FunDA(13)- 示范:用户自定义操作函数 - user defined tasks

   FunDA是一种函数式的编程工具,它所产生的程序是由许多功能单一的细小函数组合而成,这些函数就是用户自定义操作函数了。我们在前面曾经提过FunDA的运作原理模拟了数据流管道。流元素在管道流动的过程中被使用或者更新。在管道中流动的元素都必须继承FDAROW类型,可以细分成几个大类:

1、数据行(data-row):因为FunDA的数据行必须是强类型的,所以各种case class类型继承了FDAROW(extends FDAROW)之后最为适合

2、动作行(action-row):case class包嵌slick.DBIOAction的数据类型,如:FDAActionRow(slickQueryAction)

3、异常行(exception-row):case class包嵌Exception类型,是下面这样申明的:

case class FDAErrorRow(e: Exception) extends FDAROW

4、终止行(end-of-stream):数据流终止信号,用于通知下游节点已经没有流动元素了

FunDA自定义操作函数的主要目的是在某个流节点对流元素进行使用和处理。

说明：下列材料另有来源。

(* There exists a finite graph $G$ which is $P_{6}$-induced-saturated.
   Context: $P_n$ denotes the path on $n$ vertices. A (simple) graph $G$ is called $H$-induced-saturated if (i) $G$ does not contain an induced subgraph isomorphic to $H$; (ii) for every edge $e\in E(G)$, the graph $G-e$ obtained by deleting $e$ contains an induced subgraph isomorphic to $H$; and (iii) for every pair $\{x,y\}$ of distinct non-adjacent vertices of $G$, the graph $G+xy$ obtained by adding the edge $xy$ contains an induced subgraph isomorphic to $H$. *)

From mathcomp Require Import all_boot.
Set Implicit Arguments. Unset Strict Implicit. Unset Printing Implicit Defensive.

Definition simple_graph (T : finType) (e : rel T) : Prop :=
  irreflexive e /\ symmetric e.

Definition path_graph (n : nat) : rel 'I_n :=
  fun i j => (i.+1 == j :> nat) || (j.+1 == i :> nat).

Definition has_induced (k : nat) (h : rel 'I_k) (T : finType) (e : rel T) : Prop :=
  exists f : 'I_k -> T, injective f /\ forall i j, e (f i) (f j) = h i j.

Definition del_edge (T : finType) (e : rel T) (x y : T) : rel T :=
  fun u v => e u v && ~~ (((u == x) && (v == y)) || ((u == y) && (v == x))).

Definition add_edge (T : finType) (e : rel T) (x y : T) : rel T :=
  fun u v => [|| e u v, (u == x) && (v == y) | (u == y) && (v == x)].

Definition induced_saturated (k : nat) (h : rel 'I_k) (T : finType) (e : rel T) : Prop :=
  [/\ ~ has_induced h e,
      (forall x y, e x y -> has_induced h (del_edge e x y)) &
      (forall x y, x != y -> ~~ e x y -> has_induced h (add_edge e x y))].
Arguments path_graph n : clear implicits.

(* The witness is the circulant graph on Z_20 with connection set
   {±1, ±3, ±4, ±7, ±9}.  That it has no induced P6 and that every deletion or
   addition of an edge creates one are finite facts, decided by a verified
   backtracking search for induced embeddings.  Translations of Z_20 are
   automorphisms, and deleting or adding the edge xy is symmetric in x and y,
   so every pair {x, y} can be moved to {0, d} with 1 <= d <= 10: only ten
   saturation instances need to be searched. *)

From mathcomp Require Import all_boot ssralg zmodp zify.
Set Implicit Arguments. Unset Strict Implicit. Unset Printing Implicit Defensive.
Import GRing.Theory.

Section InducedSearch.

Variables (k : nat) (h : rel 'I_k.+1) (T : finType) (e : rel T).

(* Pattern indices are taken modulo k.+1; only indices <= k are ever used. *)
Definition h_nat (i j : nat) : bool := h (inZp i) (inZp j).

Definition partial_embedding (s : seq T) : Prop :=
  uniq s /\ forall x0 i j, i < size s -> j < size s ->
    e (nth x0 s i) (nth x0 s j) = h_nat i j.

Definition extendable (s : seq T) (v : T) : bool :=
  let m := size s in
  [&& v \notin s, e v v == h_nat m m &
      all (fun i => (e (nth v s i) v == h_nat i m) && (e v (nth v s i) == h_nat m i))
          (iota 0 m)].

Lemma partial_embedding_nil : partial_embedding [::].
Proof. by split. Qed.

Lemma partial_embedding_rcons s v :
  partial_embedding (rcons s v) <-> partial_embedding s /\ extendable s v.
Proof.
rewrite /partial_embedding /extendable rcons_uniq size_rcons.
set m := size s.
have nth_s x0 i : i < m -> nth x0 (rcons s v) i = nth x0 s i.
  by move=> lt_im; rewrite nth_rcons lt_im.
have nth_v x0 : nth x0 (rcons s v) m = v by rewrite nth_rcons ltnn eqxx.
split=> [[/andP[v_notin_s uniq_s] E] | [[uniq_s E] /and3P[v_notin_s /eqP Evv /allP Eall]]].
  have Ev i j : i <= m -> j <= m ->
      e (nth v (rcons s v) i) (nth v (rcons s v) j) = h_nat i j.
    by move=> le_im le_jm; apply: E; rewrite ltnS.
  split; first split=> // [x0 i j lt_im lt_jm].
    by rewrite -!(nth_s x0) // E // ltnS ltnW.
  have := Ev m m; rewrite nth_v v_notin_s => -> //=; rewrite eqxx /=.
  apply/allP=> i; rewrite mem_iota => /andP[_ lt_im].
  have le_im := ltnW lt_im.
  by have := Ev i m; have := Ev m i; rewrite nth_v nth_s // => -> // -> //; rewrite !eqxx.
split; first by rewrite v_notin_s.
move=> x0 i j; rewrite !ltnS.
case: (ltngtP i m) => [lt_im | // | ->] _; case: (ltngtP j m) => [lt_jm | // | ->] _;
  rewrite ?nth_v ?nth_s //.
- exact: E.
- have := Eall i; rewrite mem_iota lt_im => /(_ isT) /andP[/eqP + _].
  by rewrite (set_nth_default v).
- have := Eall j; rewrite mem_iota lt_jm => /(_ isT) /andP[_ /eqP].
  by rewrite (set_nth_default v).
Qed.

Lemma partial_embedding_catl s t :
  partial_embedding (s ++ t) -> partial_embedding s.
Proof.
rewrite /partial_embedding cat_uniq size_cat => -[/andP[uniq_s _] E].
split=> // x0 i j lt_is lt_js.
by have := E x0 i j; rewrite !nth_cat lt_is lt_js; apply; apply: ltn_addr.
Qed.

Lemma has_induced_embeddingP :
  has_induced h e <-> exists2 s, size s = k.+1 & partial_embedding s.
Proof.
split=> [[f [inj_f Ef]] | [s size_s [uniq_s E]]].
  have nth_enum i : i < k.+1 -> nth ord0 (enum 'I_k.+1) i = inZp i.
    by move=> lt_ik; apply: val_inj; rewrite /= nth_enum_ord // modn_small.
  exists [seq f i | i <- enum 'I_k.+1]; first by rewrite size_map size_enum_ord.
  split; first by rewrite map_inj_uniq ?enum_uniq.
  move=> x0 i j; rewrite size_map size_enum_ord => lt_ik lt_jk.
  by rewrite !(nth_map ord0) -?enumT ?size_enum_ord // !nth_enum // Ef.
case: s size_s uniq_s E => [//|x0 s] size_s uniq_s E.
exists (fun i : 'I_k.+1 => nth x0 (x0 :: s) i); split.
  move=> i j /eqP; rewrite nth_uniq ?size_s // => /eqP; exact: val_inj.
by move=> i j; rewrite E ?size_s // /h_nat !valZpK.
Qed.

Variable vs : seq T.

(* Explicit branching instead of [has] and [&&]: [vm_compute] evaluates
   arguments eagerly, and this way it only explores extendable branches and
   stops at the first success. *)
Fixpoint grow_embedding (n : nat) (s : seq T) : bool :=
  if n is n'.+1 then
    (fix first ws := if ws is v :: ws' then
       if extendable s v then (if grow_embedding n' (rcons s v) then true else first ws')
       else first ws'
     else false) vs
  else true.

Lemma grow_embeddingSE n s :
  grow_embedding n.+1 s = has (fun v => extendable s v && grow_embedding n (rcons s v)) vs.
Proof. by rewrite /=; elim: vs => //= v ws ->; case: extendable; case: grow_embedding. Qed.

Hypothesis vs_full : forall v, v \in vs.

Lemma grow_embeddingP n s : partial_embedding s ->
  reflect (exists2 t, size t = n & partial_embedding (s ++ t)) (grow_embedding n s).
Proof.
elim: n s => [|n IH] s ps; first by apply: ReflectT; exists [::]; rewrite ?cats0.
rewrite grow_embeddingSE; apply: (iffP hasP).
  move=> [v _ /andP[ext_v grow_v]].
  have ps_v : partial_embedding (rcons s v) by apply/partial_embedding_rcons.
  have [t size_t ps_t] := IH _ ps_v grow_v.
  by exists (v :: t); rewrite /= ?size_t // -cat_rcons.
move=> [[//|v t] [size_t] ps_vt].
have ps_v : partial_embedding (rcons s v).
  by apply: (@partial_embedding_catl _ t); rewrite cat_rcons.
exists v; first exact: vs_full.
rewrite (proj2 (proj1 (partial_embedding_rcons s v) ps_v)).
by apply/IH => //; exists t; rewrite // cat_rcons.
Qed.

Definition has_inducedb : bool := grow_embedding k.+1 [::].

Lemma has_inducedP : reflect (has_induced h e) has_inducedb.
Proof.
apply: (iffP (grow_embeddingP _ partial_embedding_nil)) => [[t] | /has_induced_embeddingP[s]].
  by move=> size_t ps_t; apply/has_induced_embeddingP; exists t.
by exists s.
Qed.

End InducedSearch.

Lemma has_induced_transport k (h : rel 'I_k) (T T' : finType) (e : rel T) (e' : rel T')
    (g : T -> T') :
  injective g -> (forall u v, e' (g u) (g v) = e u v) ->
  has_induced h e -> has_induced h e'.
Proof.
move=> inj_g e'_g [f [inj_f Ef]].
by exists (g \o f); split=> [|i j]; [exact: inj_comp | rewrite /= e'_g].
Qed.

Section EdgeTransport.

Variables (k : nat) (h : rel 'I_k) (T T' : finType) (e : rel T) (e' : rel T').
Variable g : T -> T'.
Hypotheses (inj_g : injective g) (e'_g : forall u v, e' (g u) (g v) = e u v).

Lemma has_induced_del_edge_transport x y :
  has_induced h (del_edge e x y) -> has_induced h (del_edge e' (g x) (g y)).
Proof.
apply: has_induced_transport inj_g _ => u v.
by rewrite /del_edge e'_g !(inj_eq inj_g).
Qed.

Lemma has_induced_add_edge_transport x y :
  has_induced h (add_edge e x y) -> has_induced h (add_edge e' (g x) (g y)).
Proof.
apply: has_induced_transport inj_g _ => u v.
by rewrite /add_edge e'_g !(inj_eq inj_g).
Qed.

End EdgeTransport.

Lemma has_induced_del_edgeC k (h : rel 'I_k) (T : finType) (e : rel T) x y :
  has_induced h (del_edge e x y) -> has_induced h (del_edge e y x).
Proof. by apply: has_induced_transport (@inj_id T) _ => u v; rewrite /del_edge orbC. Qed.

Lemma has_induced_add_edgeC k (h : rel 'I_k) (T : finType) (e : rel T) x y :
  has_induced h (add_edge e x y) -> has_induced h (add_edge e y x).
Proof.
by apply: has_induced_transport (@inj_id T) _ => u v; rewrite /add_edge (orbC (_ && _)).
Qed.

Lemma val_subZp n (x y : 'I_n.+1) : x != y -> val (x - y)%R = n.+1 - val (y - x)%R.
Proof.
rewrite -subr_eq0 -opprB oppr_eq0; set a := (y - x)%R => a_neq0.
have a_gt0 : 0 < val a by rewrite lt0n.
have -> : val (- a)%R = (n.+1 - a) %% n.+1 by [].
by rewrite modn_small // ltn_subrL a_gt0.
Qed.

Lemma Zp_pair_reduce n (P : 'I_n.+1 -> 'I_n.+1 -> Prop) :
  (forall x y, P x y -> P y x) ->
  (forall c x y, P x y -> P (c + x)%R (c + y)%R) ->
  (forall d : 'I_n.+1, 0 < d -> 2 * d <= n.+1 -> P 0%R d) ->
  forall x y, x != y -> P x y.
Proof.
move=> P_sym P_translate P_short x y.
wlog short : x y / 2 * val (y - x)%R <= n.+1 => [wlog_short x_neq_y | x_neq_y].
  have [short | long] := leqP (2 * val (y - x)%R) n.+1; first exact: wlog_short.
  apply/P_sym/wlog_short; last by rewrite eq_sym.
  rewrite val_subZp //; lia.
rewrite -[x]addr0 -[y](subrKC x); apply/P_translate/P_short => //.
rewrite lt0n; apply: contra x_neq_y => /eqP d0.
by rewrite eq_sym -subr_eq0; apply/eqP/val_inj.
Qed.

Definition circulant20 : rel 'I_20 :=
  fun u v => val (v - u)%R \in [:: 1; 3; 4; 7; 9; 11; 13; 16; 17; 19].

Lemma circulant20_translate c u v : circulant20 (c + u)%R (c + v)%R = circulant20 u v.
Proof. by rewrite /circulant20 (addrC c v) addrKA. Qed.

(* Not [enum 'I_20], which is stuck under [vm_compute]: it goes through
   [insub], whose test [idP] is opaque. *)
Definition vertices20 : seq 'I_20 := [seq inZp i | i <- iota 0 20].

Lemma mem_vertices20 v : v \in vertices20.
Proof. by apply/mapP; exists (val v); rewrite ?valZpK // mem_iota ltn_ord. Qed.

Definition has_P6b (e : rel 'I_20) : bool := has_inducedb (path_graph 6) e vertices20.

Lemma has_P6P e : reflect (has_induced (path_graph 6) e) (has_P6b e).
Proof. exact: (has_inducedP _ _ mem_vertices20). Qed.

Lemma circulant20_simple : simple_graph circulant20.
Proof.
have sym : all (fun u => all (fun v => circulant20 u v == circulant20 v u) vertices20)
               vertices20.
  by vm_compute.
split=> [u | u v]; first by rewrite /circulant20 subrr.
exact/eqP/(allP (allP sym u (mem_vertices20 u)) v (mem_vertices20 v)).
Qed.

Lemma circulant20_no_P6 : ~ has_induced (path_graph 6) circulant20.
Proof. by apply/has_P6P; vm_compute. Qed.

Lemma circulant20_del_edge x y :
  circulant20 x y -> has_induced (path_graph 6) (del_edge circulant20 x y).
Proof.
move=> xy; have x_neq_y : x != y.
  by apply: contraTneq xy => ->; rewrite /circulant20 subrr.
move: x y x_neq_y xy; apply: Zp_pair_reduce => [x y IH yx | c x y IH | d d_gt0 d_short].
- by apply/has_induced_del_edgeC/IH; rewrite (proj2 circulant20_simple).
- rewrite circulant20_translate => /IH.
  apply: (has_induced_del_edge_transport _ (circulant20_translate c)).
  exact: addrI.
(* [if] rather than [==>], which would also search the excluded cases. *)
have short_edges : all (fun d : 'I_20 =>
    if [&& 0 < d, 2 * d <= 20 & circulant20 0%R d]
    then has_P6b (del_edge circulant20 0%R d) else true) vertices20.
  by vm_compute.
have := allP short_edges d (mem_vertices20 d); rewrite d_gt0 d_short !andTb => + d_edge.
by rewrite d_edge => /has_P6P.
Qed.

Lemma circulant20_add_edge x y :
  x != y -> ~~ circulant20 x y -> has_induced (path_graph 6) (add_edge circulant20 x y).
Proof.
move: x y; apply: Zp_pair_reduce => [x y IH yx | c x y IH | d d_gt0 d_short].
- by apply/has_induced_add_edgeC/IH; rewrite (proj2 circulant20_simple).
- rewrite circulant20_translate => /IH.
  apply: (has_induced_add_edge_transport _ (circulant20_translate c)).
  exact: addrI.
have short_non_edges : all (fun d : 'I_20 =>
    if [&& 0 < d, 2 * d <= 20 & ~~ circulant20 0%R d]
    then has_P6b (add_edge circulant20 0%R d) else true) vertices20.
  by vm_compute.
have := allP short_non_edges d (mem_vertices20 d); rewrite d_gt0 d_short !andTb => + d_edge.
by rewrite d_edge => /has_P6P.
Qed.

Theorem theorem1 :
  exists (n : nat) (e : rel 'I_n),
    simple_graph e /\ (exists x y, e x y) /\ induced_saturated (path_graph 6) e.
Proof.
exists 20, circulant20; split; first exact: circulant20_simple.
split; first by exists 0%R, 1%R.
split; [exact: circulant20_no_P6 | exact: circulant20_del_edge |].
exact: circulant20_add_edge.
Qed.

乍看好像直接用函数式编程中的map,flatMap函数都能达到同样的目标,如:

fdaStream.map(row => transformData(row)).map(action => runQueryAction(action))

但经过实验后发现标准流操作函数map,flatMap缺乏功能强大又可以灵活应用的流动操作,而这又是流式数据处理至关重要的一项功能。这就是为什么我们需要一套新的用户自定义函数了。

FunDA规范了一套标准的自定义函数操作流程,由一下几个步骤组成:

1、确定当前流元素类型

2、在该类型的框架内使用和变动流元素字段值

3、流动控制:控制元素向下游的流动

我们将在这篇讨论里示范各种形式和功能的自定义函数。承上篇的示范所产生的数据表AIRQM。这是一个直接导入cvs文件产生的数据表,所有字段都是String类型的。我们的示范就是把这个表里的字段属性转换成匹配的类型后生成一个新表AQMRPT,并把AIRQM里数据的字段值经过转换后并入新表。下面是这个表的结构:

  case class AQMRPTModel(rid: Long
                         , mid: Int
                         , state: String
                         , county: String
                         , year: Int
                         , value: Int
                         , total: Int
                         , valid: Boolean) extends FDAROW

  class AQMRPTTable(tag: Tag) extends Table[AQMRPTModel](tag, "AQMRPT") {
    def rid = column[Long]("ROWID",O.AutoInc,O.PrimaryKey)
    def mid = column[Int]("MEASUREID")
    def state = column[String]("STATENAME",O.Length(32))
    def county = column[String]("COUNTYNAME",O.Length(32))
    def year = column[Int]("REPORTYEAR")
    def value = column[Int]("VALUE")
    def total = column[Int]("TOTAL")
    def valid = column[Boolean]("VALID")

    def * = (rid,mid,state,county,year,value,total,valid) <> (AQMRPTModel.tupled, AQMRPTModel.unapply)
  }
  val AQMRPTQuery = TableQuery[AQMRPTTable]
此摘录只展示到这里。